*What is being asked*: Quote the listing below word for word, stopping after the line that contains "(* Set variable".

=== Begin Enclosure ===

Lemma at_path_md o p o' d : at_path o p = Some (o', d) -> d + md_obj o' <= md_obj o.
Proof.
elim: p o o' d => [|k p IH] o o' d /=; first by case=> <- <-.
case Ho1: (step o k) => [[o1 d1]|] //.
case Ho2: (at_path o1 p) => [[o2 d2]|] // [<- <-].
rewrite -addnA; apply: leq_trans (step_md Ho1).
by rewrite leq_add2l; apply: IH.
Qed.

Lemma dia_depth phi r f d : occ phi r = Some (OLit (LDia f), d) -> d < md_cnf phi.
Proof. by move/at_path_md; apply: leq_trans; rewrite /= addnS ltnS leq_addr. Qed.

Definition MAnd (a b : mso) : mso := MNeg (MOr (MNeg a) (MNeg b)).
Definition MImp (a b : mso) : mso := MOr (MNeg a) b.
Definition MIff (a b : mso) : mso := MAnd (MImp a b) (MImp b a).
Definition MAll (x : nat) (a : mso) : mso := MNeg (MEx x (MNeg a)).
Definition MAllS (X : nat) (a : mso) : mso := MNeg (MExS X (MNeg a)).

(* Set variable 0 is X (rebound to the successor clauses at every recursive
   step), 1 is Y and 2 is N; first-order variable 2 holds a true Diamond
   literal. *)
Definition mso_witnessed : mso :=
  MAll 0 (MImp (MIn 0 0) (MEx 1 (MOr (MAnd (MRel2 SOc 0 1) (MIn 1 1))
                                     (MAnd (MRel2 SOcBar 0 1) (MIn 1 2))))).
Definition mso_consistent : mso := MAll 1 (MNeg (MAnd (MIn 1 1) (MIn 1 2))).
Definition mso_no_bot_under_dia : mso :=
  MAll 2 (MImp (MAnd (MIn 2 1) (MRel1 SDia 2))
               (MAll 3 (MImp (MIn 3 1) (MNeg (MRel1 SU 3))))).
Definition mso_forall_true_dia (r : mso) : mso :=
  MAll 2 (MImp (MAnd (MIn 2 1) (MRel1 SDia 2)) r).
Definition mso_successors : mso :=
  MAll 4 (MIff (MIn 4 0) (MOr (MRel2 SOc 2 4)
     (MEx 5 (MAnd (MIn 5 1) (MAnd (MRel1 SBox 5) (MRel2 SOc 5 4)))))).

Definition mso_world (r : mso) : mso :=
  MExS 1 (MExS 2 (MAnd mso_witnessed (MAnd mso_consistent
    (MAnd mso_no_bot_under_dia (mso_forall_true_dia r))))).

Fixpoint xi (k : nat) : mso :=
  mso_world (if k is k'.+1 then MAllS 0 (MImp mso_successors (xi k'))
             else MNeg (MEq 2 2)).

Lemma mso_len_xi k : mso_len (xi k) = 76 + 120 * k.
Proof. by elim: k => [|k IH] //; rewrite mulnS addnCA -IH. Qed.
(* Bernstein coefficients, in degrees (5, 2, 2, 2, 2) for (a, p, q, r, s), of
   the differences of the two sides of [phi_numer_sqr_le] and
   [phi_numer_sqr_ge] below; all of them are nonnegative. *)
Definition phi_upper_cert : seq Z := [::
  0; 0; 0; 0; 0; 0; 0; 0; 0; 0; 0; 0; 0; 0;
  0; 0; 0; 0; 0; 0; 0; 0; 0; 0; 0; 0; 0; 0;
  0; 0; 0; 0; 0; 0; 0; 0; 0; 0; 0; 0; 0; 0;
  0; 0; 0; 0; 0; 0; 0; 0; 0; 0; 0; 0; 0; 0;
  0; 0; 0; 0; 0; 0; 0; 0; 0; 0; 0; 0; 0; 0;
  0; 0; 0; 0; 0; 0; 0; 0; 0; 0; 0; 1536; 3584; 1920;
  3584; 8192; 4224; 1920; 4224; 2016; 3584; 8448; 4608; 7680; 17920; 9472; 3456; 7872;
  3840; 1920; 4608; 2560; 3456; 8448; 4608; 864; 2304; 1152; 3584; 7680; 3456; 8448;
  17920; 7872; 4608; 9472; 3840; 8192; 17920; 8448; 17920; 39040; 17920; 8448; 17920; 7424;
  4224; 9472; 4608; 7872; 17920; 8448; 2304; 5376; 2048; 1920; 3456; 864; 4608; 8448;
  2304; 2560; 4608; 1152; 4224; 7872; 2304; 9472; 17920; 5376; 4608; 8448; 2048; 2016;
  3840; 1152; 3840; 7424; 2048; 1152; 2048; 0; 7680; 17920; 9600; 17920; 40832; 21056;
  9600; 21056; 10112; 17920; 42112; 22912; 38656; 89408; 47040; 17664; 39680; 19328; 9600; 22912;
  12672; 17664; 42432; 22912; 4896; 12288; 6048; 17920; 38656; 17664; 42112; 89408; 39680; 22912;
  47040; 19328; 40832; 89408; 42432; 89408; 193472; 88832; 42432; 88832; 36800; 21056; 47040; 22912;
  39680; 88832; 41536; 12288; 27328; 10240; 9600; 17664; 4896; 22912; 42432; 12288; 12672; 22912;
  6048; 21056; 39680; 12288; 47040; 88832; 27328; 22912; 41536; 10240; 10112; 19328; 6048; 19328;
  36800; 10240; 6048; 10240; 0; 14112; 32976; 17680; 32976; 75016; 38712; 17680; 38712; 18696;
  32976; 77320; 41976; 71680; 164548; 86212; 33228; 73780; 35880; 17680; 41976; 23112; 33228; 78580;
  42024; 9990; 23952; 11626; 32976; 71680; 33228; 77320; 164548; 73780; 41976; 86212; 35880; 75016;
  164548; 78580; 164548; 354180; 162736; 78580; 162736; 67444; 38712; 86212; 42024; 73780; 162736; 75508;
  23952; 51220; 18912; 17680; 33228; 9990; 41976; 78580; 23952; 23112; 42024; 11626; 38712; 73780;
  23952; 86212; 162736; 51220; 42024; 75508; 18912; 18696; 35880; 11626; 35880; 67444; 18912; 11626;
  18912; 0; 11232; 26352; 14160; 26352; 59988; 31012; 14160; 31012; 15060; 26352; 61752; 33480;
  57828; 132010; 68934; 27178; 59806; 29044; 14160; 33480; 18360; 27178; 63426; 33624; 8715; 20188;
  9681; 26352; 57828; 27178; 61752; 132010; 59806; 33480; 68934; 29044; 59988; 132010; 63426; 132010;
  283226; 130312; 63426; 130312; 54066; 31012; 68934; 33624; 59806; 130312; 60054; 20188; 41862; 15264;
  14160; 27178; 8715; 33480; 63426; 20188; 18360; 33624; 9681; 31012; 59806; 20188; 68934; 130312;
  41862; 33624; 60054; 15264; 15060; 29044; 9681; 29044; 54066; 15264; 9681; 15264; 0; 3240;
  7668; 4140; 7668; 17532; 9096; 4140; 9096; 4444; 7668; 18018; 9774; 17046; 38814; 20232;
  8124; 17776; 8628; 4140; 9774; 5346; 8124; 18774; 9882; 2743; 6198; 2943; 7668; 17046;
  8124; 18018; 38814; 17776; 9774; 20232; 8628; 17532; 38814; 18774; 38814; 83254; 38400; 18774;
  38400; 15966; 9096; 20232; 9882; 17776; 38400; 17604; 6198; 12564; 4536; 4140; 8124; 2743;
  9774; 18774; 6198; 5346; 9882; 2943; 9096; 17776; 6198; 20232; 38400; 12564; 9882; 17604;
  4536; 4444; 8628; 2943; 8628; 15966; 4536; 2943; 4536; 0]%Z.

Definition phi_lower_cert : seq Z := [::
  0; 0; 0; 0; 0; 0; 0; 0; 0; 0; 0; 0; 0; 0;
  0; 0; 0; 0; 0; 0; 0; 0; 0; 0; 0; 0; 0; 0;
  0; 0; 0; 0; 0; 0; 0; 0; 0; 0; 0; 0; 0; 0;
  0; 0; 0; 0; 0; 0; 0; 0; 0; 0; 0; 0; 0; 0;
  0; 0; 0; 0; 0; 0; 0; 0; 0; 0; 0; 0; 0; 0;
  0; 0; 0; 0; 0; 0; 0; 0; 0; 0; 0; 0; 96; 144;
  96; 528; 576; 144; 576; 540; 96; 448; 448; 560; 2000; 1728; 624; 1992;
  1584; 144; 448; 352; 624; 1792; 1312; 612; 1680; 1176; 96; 560; 624; 448;
  2000; 1992; 448; 1728; 1584; 528; 2000; 1792; 2000; 6816; 5696; 1792; 5696; 4512;
  576; 1728; 1312; 1992; 5696; 4144; 1680; 4640; 3264; 144; 624; 612; 448; 1792;
  1680; 352; 1312; 1176; 576; 1992; 1680; 1728; 5696; 4640; 1312; 4144; 3264; 540;
  1584; 1176; 1584; 4512; 3264; 1176; 3264; 2304; 0; 432; 660; 432; 2376; 2604;
  660; 2604; 2421; 432; 2088; 2112; 2520; 9200; 8000; 2836; 9130; 7248; 660; 2112;
  1680; 2836; 8320; 6144; 2785; 7744; 5436; 432; 2520; 2836; 2088; 9200; 9130; 2112;
  8000; 7248; 2376; 9200; 8320; 9200; 31740; 26576; 8320; 26576; 20976; 2604; 8000; 6144;
  9130; 26576; 19464; 7744; 21648; 15264; 660; 2836; 2785; 2112; 8320; 7744; 1680; 6144;
  5436; 2604; 9130; 7744; 8000; 26576; 21648; 6144; 19464; 15264; 2421; 7248; 5436; 7248;
  20976; 15264; 5436; 15264; 10800; 0; 648; 1044; 648; 3636; 4098; 1044; 4098; 3831;
  648; 3312; 3456; 3852; 14592; 12960; 4494; 14688; 11748; 1044; 3456; 2808; 4494; 13536;
  10152; 4497; 12684; 8964; 648; 3852; 4494; 3312; 14592; 14688; 3456; 12960; 11748; 3636;
  14592; 13536; 14592; 51456; 43680; 13536; 43680; 34632; 4098; 12960; 10152; 14688; 43680; 32400;
  12684; 35928; 25488; 1044; 4494; 4497; 3456; 13536; 12684; 2808; 10152; 8964; 4098; 14688;
  12684; 12960; 43680; 35928; 10152; 32400; 25488; 3831; 11748; 8964; 11748; 34632; 25488; 8964;
  25488; 18144; 0; 324; 621; 324; 1998; 2484; 621; 2484; 2415; 324; 1890; 2160;
  2106; 8694; 8208; 2754; 9318; 7668; 621; 2160; 1836; 2754; 8640; 6696; 2928; 8424;
  6048; 324; 2106; 2754; 1890; 8694; 9318; 2160; 8208; 7668; 1998; 8694; 8640; 8694;
  32286; 28620; 8640; 28620; 23220; 2484; 8208; 6696; 9318; 28620; 21816; 8424; 24300; 17496;
  621; 2754; 2928; 2160; 8640; 8424; 1836; 6696; 6048; 2484; 9318; 8424; 8208; 28620;
  24300; 6696; 21816; 17496; 2415; 7668; 6048; 7668; 23220; 17496; 6048; 17496; 12636; 0;
  0; 81; 0; 162; 378; 81; 378; 441; 0; 162; 324; 162; 1134; 1404;
  432; 1656; 1512; 81; 324; 324; 432; 1512; 1296; 576; 1728; 1296; 0; 162;
  432; 162; 1134; 1656; 324; 1404; 1512; 162; 1134; 1512; 1134; 5274; 5508; 1512;
  5508; 4860; 378; 1404; 1296; 1656; 5508; 4536; 1728; 5184; 3888; 81; 432; 576;
  324; 1512; 1728; 324; 1296; 1296; 378; 1656; 1728; 1404; 5508; 5184; 1296; 4536;
  3888; 441; 1512; 1296; 1512; 4860; 3888; 1296; 3888; 2916]%Z.
(* Let $C\subseteq\mathbb F_2^n$ be a binary linear code all of whose nonzero words have Hamming weight at least $4$. Let $(e_1,\dots,e_n)$ be an orthonormal basis of a Euclidean space $E$ and let $\Lambda_C$ be the lattice generated by $\mathbb Z^n=\bigoplus_i\mathbb Z e_i$ together with the vectors $\tfrac12\sum_i x_ie_i$, where $x\in\{0,1\}^n$ runs through the representatives of the words of $C$. Let $w_4$ be the number of words of $C$ of weight $4$, and let $t$ be the number of $2$-element subsets $\{i,j\}\subseteq\{1,\dots,n\}$ such that $i$ and $j$ do not both lie in the support of a single weight-$4$ word of $C$. Then $$s(\Lambda_C)=n+8w_4\quad\text{and}\quad \operatorname{perf}(\Lambda_C)=\frac{n(n+1)}2-t.$$
   Context: For a lattice $\Lambda$, $\min\Lambda=\min_{x\in\Lambda\setminus\{0\}}x\cdot x$, $S(\Lambda)$ is the set of vectors attaining the minimum, and $s(\Lambda)=|S(\Lambda)|/2$. Perfection rank: let $\mathcal S^n$ be the space of real symmetric $n\times n$ matrices and $\mathcal R=\{G\in\mathcal S^n: x^tGx\ge 1\ \forall x\in\mathbb Z^n\setminus\{0\}\}$ the Ryshkov polyhedron (a locally finite polyhedron). If a lattice has minimum $1$ and $G$ is the Gram matrix of one of its bases, $G$ lies in the relative interior of a face of $\mathcal R$ of some dimension $k$ (independent of the basis); the perfection rank is $\operatorname{perf}(\Lambda)=\dim\mathcal S^n-k=\frac{n(n+1)}2-k$ (equivalently, the dimension of the span of $\{xx^t\}$ over the minimal vectors $x$ in coordinates). Perfection rank is invariant under scaling. *)

From HB Require Import structures.
From mathcomp Require Import all_boot all_order all_algebra.
From mathcomp Require Import reals.
Set Implicit Arguments. Unset Strict Implicit. Unset Printing Implicit Defensive.
Import Order.TTheory GRing.Theory Num.Theory.
Local Open Scope ring_scope.

Definition wt (n : nat) (c : 'rV['F_2]_n) : nat := #|[set i : 'I_n | c 0 i != 0]|.

Definition lift01 (R : realType) (n : nat) (c : 'rV['F_2]_n) : 'rV[R]_n :=
  \row_i (if c 0 i == 0 then 0 else 1).

(* Euclidean inner product w.r.t. the orthonormal basis e_1..e_n (= standard basis). *)
Definition dot (R : realType) (n : nat) (u v : 'rV[R]_n) : R := (u *m v^T) 0 0.

Definition gensC (R : realType) (n : nat) (C : {vspace 'rV['F_2]_n})
  (v : 'rV[R]_n) : Prop :=
  (exists i : 'I_n, v = delta_mx 0 i) \/
  (exists c : 'rV['F_2]_n, c \in C /\ v = 2^-1 *: lift01 R c).

Definition in_generated (R : realType) (n : nat) (S : 'rV[R]_n -> Prop)
  (v : 'rV[R]_n) : Prop :=
  forall P : 'rV[R]_n -> Prop,
    P 0 -> (forall x y, P x -> P y -> P (x - y)) -> (forall s, S s -> P s) -> P v.

Definition LambdaC (R : realType) (n : nat) (C : {vspace 'rV['F_2]_n}) :=
  in_generated (@gensC R n C).

Definition minimal_vec (R : realType) (n : nat) (L : 'rV[R]_n -> Prop)
  (v : 'rV[R]_n) : Prop :=
  L v /\ v != 0 /\ forall w, L w -> w != 0 -> dot v v <= dot w w.

Definition w4 (n : nat) (C : {vspace 'rV['F_2]_n}) : nat :=
  #|[set c : 'rV['F_2]_n | (c \in C) && (wt c == 4)%N]|.

Definition tC (n : nat) (C : {vspace 'rV['F_2]_n}) : nat :=
  #|[set p : 'I_n * 'I_n | (p.1 < p.2)%N &&
      ~~ [exists c : 'rV['F_2]_n, [&& c \in C, wt c == 4%N, c 0 p.1 != 0 & c 0 p.2 != 0]]]|.

(* Perfection rank computed from a list enumerating the minimal vectors:
   dimension of the span of the rank-one matrices x^T x (x a minimal vector,
   in the orthonormal coordinates). *)
Definition perf_of (R : realType) (n : nat) (S : seq 'rV[R]_n) : nat :=
  \dim <<[seq (x^T *m x : 'M[R]_n) | x <- S]>>%VS.

From HB Require Import structures.
From mathcomp Require Import all_boot all_order all_algebra.
From mathcomp Require Import reals zify ring lra.
Import Order.TTheory GRing.Theory Num.Theory.
Set Implicit Arguments. Unset Strict Implicit. Unset Printing Implicit Defensive.
Local Open Scope ring_scope.

(* Every vector of the lattice is k/2 for an integer vector k whose reduction
   mod 2 lies in C, and its norm is |k|^2/4.  If some entry of k is odd, the
   parity word is a nonzero codeword, so at least four entries are odd;
   otherwise a nonzero entry is at least 2 in absolute value.  Hence the
   minimum is 1, attained exactly by the +-e_i and by the +-1/2 vectors
   supported on the weight-4 words: 2n + 16 w4 vectors.  Their outer products
   x^T x span the diagonal matrices and, by inclusion-exclusion over the signs
   on a weight-4 support, the symmetric units E_ij + E_ji for the pairs {i,j}
   inside such a support; conversely every x^T x lies in the span of these
   linearly independent units. *)


Lemma F2_natr m : (m%:R : 'F_2) = (odd m)%:R.
Proof. by rewrite -modn2 Fp_nat_mod. Qed.

Lemma F2_intr (z : int) : (z%:~R : 'F_2) = (odd `|z|)%:R.
Proof.
case: z => m; first by rewrite -pmulrn [LHS]F2_natr.
by rewrite NegzE mulrNz oppr_pchar2 ?pchar_Fp // -pmulrn [LHS]F2_natr.
Qed.

Lemma F2_natr_eq0 (b : bool) : ((b%:R : 'F_2) == 0) = ~~ b.
Proof. by case: b. Qed.

Lemma F2_neq0E (x : 'F_2) : x = (x != 0)%:R.
Proof. by case: x => [[|[|m]] hm] //; apply/val_inj. Qed.

Lemma intr2_half (R : numFieldType) : (2%:~R / 2 : R) = 1.
Proof. by rewrite -[2%:~R]/(2%:R : R) divff // pnatr_eq0. Qed.

Lemma sum_indicator (R : pzSemiRingType) (T : finType) (P : pred T) (F : T -> R) (q : T) :
  \sum_(p | P p) F p * (p == q)%:R = (P q)%:R * F q.
Proof.
rewrite big_mkcond (bigD1 q) //= big1 => [|p pq]; last by rewrite (negbTE pq) mulr0 if_same.
by rewrite eqxx mulr1 addr0; case: (P q); rewrite ?mul1r ?mul0r.
Qed.

Lemma card_set_sum (T : finType) (P : pred T) : #|[set i | P i]| = (\sum_i P i)%N.
Proof. by rewrite -sum1_card big_mkcond; apply: eq_bigr => i _; rewrite inE. Qed.

Lemma odd_le_sqr m : (odd m <= m ^ 2)%N.
Proof. by case: m => [|m] //; rewrite (leq_trans (leq_b1 _)) // expn_gt0. Qed.

Section GeneratedSubgroup.

Variables (R : realType) (n : nat) (S : 'rV[R]_n -> Prop).

Lemma in_generated0 : in_generated S 0.
Proof. by move=> P. Qed.

Lemma in_generated_gen s : S s -> in_generated S s.
Proof. by move=> Ss P _ _; apply. Qed.

Lemma in_generatedB x y :
  in_generated S x -> in_generated S y -> in_generated S (x - y).
Proof. by move=> Lx Ly P P0 PB PS; exact: PB (Lx P P0 PB PS) (Ly P P0 PB PS). Qed.

Lemma in_generatedN x : in_generated S x -> in_generated S (- x).
Proof. by move=> Lx; rewrite -sub0r; apply: in_generatedB => //; apply: in_generated0. Qed.

Lemma in_generatedD x y :
  in_generated S x -> in_generated S y -> in_generated S (x + y).
Proof. by move=> Lx Ly; rewrite -[y]opprK; apply: in_generatedB => //; apply: in_generatedN. Qed.

Lemma in_generated_sum (I : finType) (A : {pred I}) (F : I -> 'rV[R]_n) :
  (forall i, in_generated S (F i)) -> in_generated S (\sum_(i in A) F i).
Proof.
move=> LF; apply: (big_ind (in_generated S)) => [|x y|i _].
- exact: in_generated0.
- exact: in_generatedD.
- exact: LF.
Qed.

End GeneratedSubgroup.

Section HalfIntegralVectors.

Variables (R : realType) (n : nat).
Implicit Types k l : 'I_n -> int.

Definition half_row k : 'rV[R]_n := \row_i ((k i)%:~R / 2).
Definition parity_row k : 'rV['F_2]_n := \row_i (k i)%:~R.
Definition sqnorm k : nat := \sum_i `|k i| ^ 2.

Lemma half_row_inj k l : half_row k = half_row l -> k =1 l.
Proof.
move=> /rowP e i; move: (e i); rewrite !mxE => /(mulIf _).
by rewrite invr_eq0 pnatr_eq0 => /(_ isT) /intr_inj.
Qed.

Lemma half_row_neq0 k : half_row k != 0 -> exists i, k i != 0.
Proof.
move=> k_nz; apply/existsP; apply: contraNT k_nz => /existsPn k0; apply/eqP/rowP => i.
by rewrite !mxE (eqP (negPn (k0 i))) mul0r.
Qed.

Lemma dot_half_row k : dot (half_row k) (half_row k) = (sqnorm k)%:R / 4.
Proof.
rewrite /dot mxE natr_sum mulr_suml; apply: eq_bigr => i _; rewrite !mxE.
by rewrite natrX natr_absz intr_norm real_normK ?num_real //; field.
Qed.

Lemma wt_parity_row k : wt (parity_row k) = #|[set i | odd `|k i|]|.
Proof. by apply: eq_card => i; rewrite !inE mxE F2_intr F2_natr_eq0 negbK. Qed.

Lemma wt_parity_row_le_sqnorm k : (wt (parity_row k) <= sqnorm k)%N.
Proof. by rewrite wt_parity_row card_set_sum; apply: leq_sum => i _; apply: odd_le_sqr. Qed.

(* The excess of [sqnorm k] over the weight of its parity is a sum of
   nonnegative terms vanishing exactly when [|k i| <= 1]. *)
Lemma sqnorm_le_wt_parity_row k :
  (sqnorm k <= wt (parity_row k))%N -> forall i, (`|k i| <= 1)%N.
Proof.
rewrite wt_parity_row card_set_sum => le_sq_wt i.
have excess0 : (\sum_j (`|k j| ^ 2 - odd `|k j|) == 0)%N.
  have split_sq : sqnorm k = (\sum_j odd `|k j| + \sum_j (`|k j| ^ 2 - odd `|k j|))%N.
    by rewrite -big_split; apply: eq_bigr => j _ /=; rewrite subnKC ?odd_le_sqr.
  by move: le_sq_wt; rewrite split_sq -{2}[(\sum_j _)%N]addn0 leq_add2l leqn0.
move: excess0; rewrite sum_nat_eq0 => /forallP /(_ i) /eqP.
by case: (absz (k i)) => [|[|m]] //=; case: odd; nia.
Qed.

Lemma sqnorm_ge_entry k i : (`|k i| ^ 2 <= sqnorm k)%N.
Proof. by rewrite /sqnorm (bigD1 i) //= leq_addr. Qed.

Lemma sqnorm_le_entry k i : (sqnorm k <= `|k i| ^ 2)%N -> forall j, j != i -> k j = 0.
Proof.
rewrite /sqnorm (bigD1 i) //= -{2}[(`|k i| ^ 2)%N]addn0 leq_add2l leqn0 sum_nat_eq0.
move=> /forallP rest0 j ji; move: (rest0 j); rewrite ji /= expn_eq0 andbT.
by move=> /eqP /eqP; rewrite absz_eq0 => /eqP.
Qed.

End HalfIntegralVectors.

Lemma sum_delta_row (R : pzRingType) n (A : {pred 'I_n}) :
  \sum_(j in A) delta_mx 0 j = \row_j ((j \in A)%:R : R).
Proof.
apply/rowP => i; rewrite summxE mxE big_mkcond (bigD1 i) //= big1 => [|j ji].
  by rewrite !mxE !eqxx addr0; case: (i \in A).
by rewrite !mxE eq_sym (negbTE ji) andbF if_same.
Qed.

Section CodeLattice.

Variables (R : realType) (n : nat) (C : {vspace 'rV['F_2]_n}).
Implicit Types (k l : 'I_n -> int) (v : 'rV[R]_n).

Lemma LambdaC_half_row v :
  LambdaC C v -> exists2 k, v = half_row R k & parity_row k \in C.
Proof.
move=> Lv; apply: (Lv (fun v => exists2 k, v = half_row R k & parity_row k \in C))
  => [|_ _ [k -> Ck] [l -> Cl]|s [[j ->]|[c [Cc ->]]]].
- exists (fun _ => 0); first by apply/rowP => i; rewrite !mxE mul0r.
  by rewrite (_ : parity_row _ = 0) ?mem0v //; apply/rowP => i; rewrite !mxE.
- exists (fun i => k i - l i); first by apply/rowP => i; rewrite !mxE intrB mulrBl.
  rewrite (_ : parity_row _ = parity_row k - parity_row l) ?memvB //.
  by apply/rowP => i; rewrite !mxE intrB.
- exists (fun i => if i == j then 2 else 0).
    apply/rowP => i; rewrite !mxE eqxx /=; case: (i == j); last by rewrite mul0r.
    by rewrite intr2_half.
  rewrite (_ : parity_row _ = 0) ?mem0v //; apply/rowP => i; rewrite !mxE.
  by case: (i == j); rewrite F2_intr.
- exists (fun i => (c 0 i != 0)%:Z).
    by apply/rowP => i; rewrite !mxE mulrC; case: (c 0 i == 0).
  rewrite (_ : parity_row _ = c) //; apply/rowP => i.
  by rewrite mxE F2_intr [RHS]F2_neq0E; case: (c 0 i != 0).
Qed.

=== End Enclosure ===

*Completed exercise*:
Lemma at_path_md o p o' d : at_path o p = Some (o', d) -> d + md_obj o' <= md_obj o.
Proof.
elim: p o o' d => [|k p IH] o o' d /=; first by case=> <- <-.
case Ho1: (step o k) => [[o1 d1]|] //.
case Ho2: (at_path o1 p) => [[o2 d2]|] // [<- <-].
rewrite -addnA; apply: leq_trans (step_md Ho1).
by rewrite leq_add2l; apply: IH.
Qed.

Lemma dia_depth phi r f d : occ phi r = Some (OLit (LDia f), d) -> d < md_cnf phi.
Proof. by move/at_path_md; apply: leq_trans; rewrite /= addnS ltnS leq_addr. Qed.

Definition MAnd (a b : mso) : mso := MNeg (MOr (MNeg a) (MNeg b)).
Definition MImp (a b : mso) : mso := MOr (MNeg a) b.
Definition MIff (a b : mso) : mso := MAnd (MImp a b) (MImp b a).
Definition MAll (x : nat) (a : mso) : mso := MNeg (MEx x (MNeg a)).
Definition MAllS (X : nat) (a : mso) : mso := MNeg (MExS X (MNeg a)).

(* Set variable 0 is X (rebound to the successor clauses at every recursive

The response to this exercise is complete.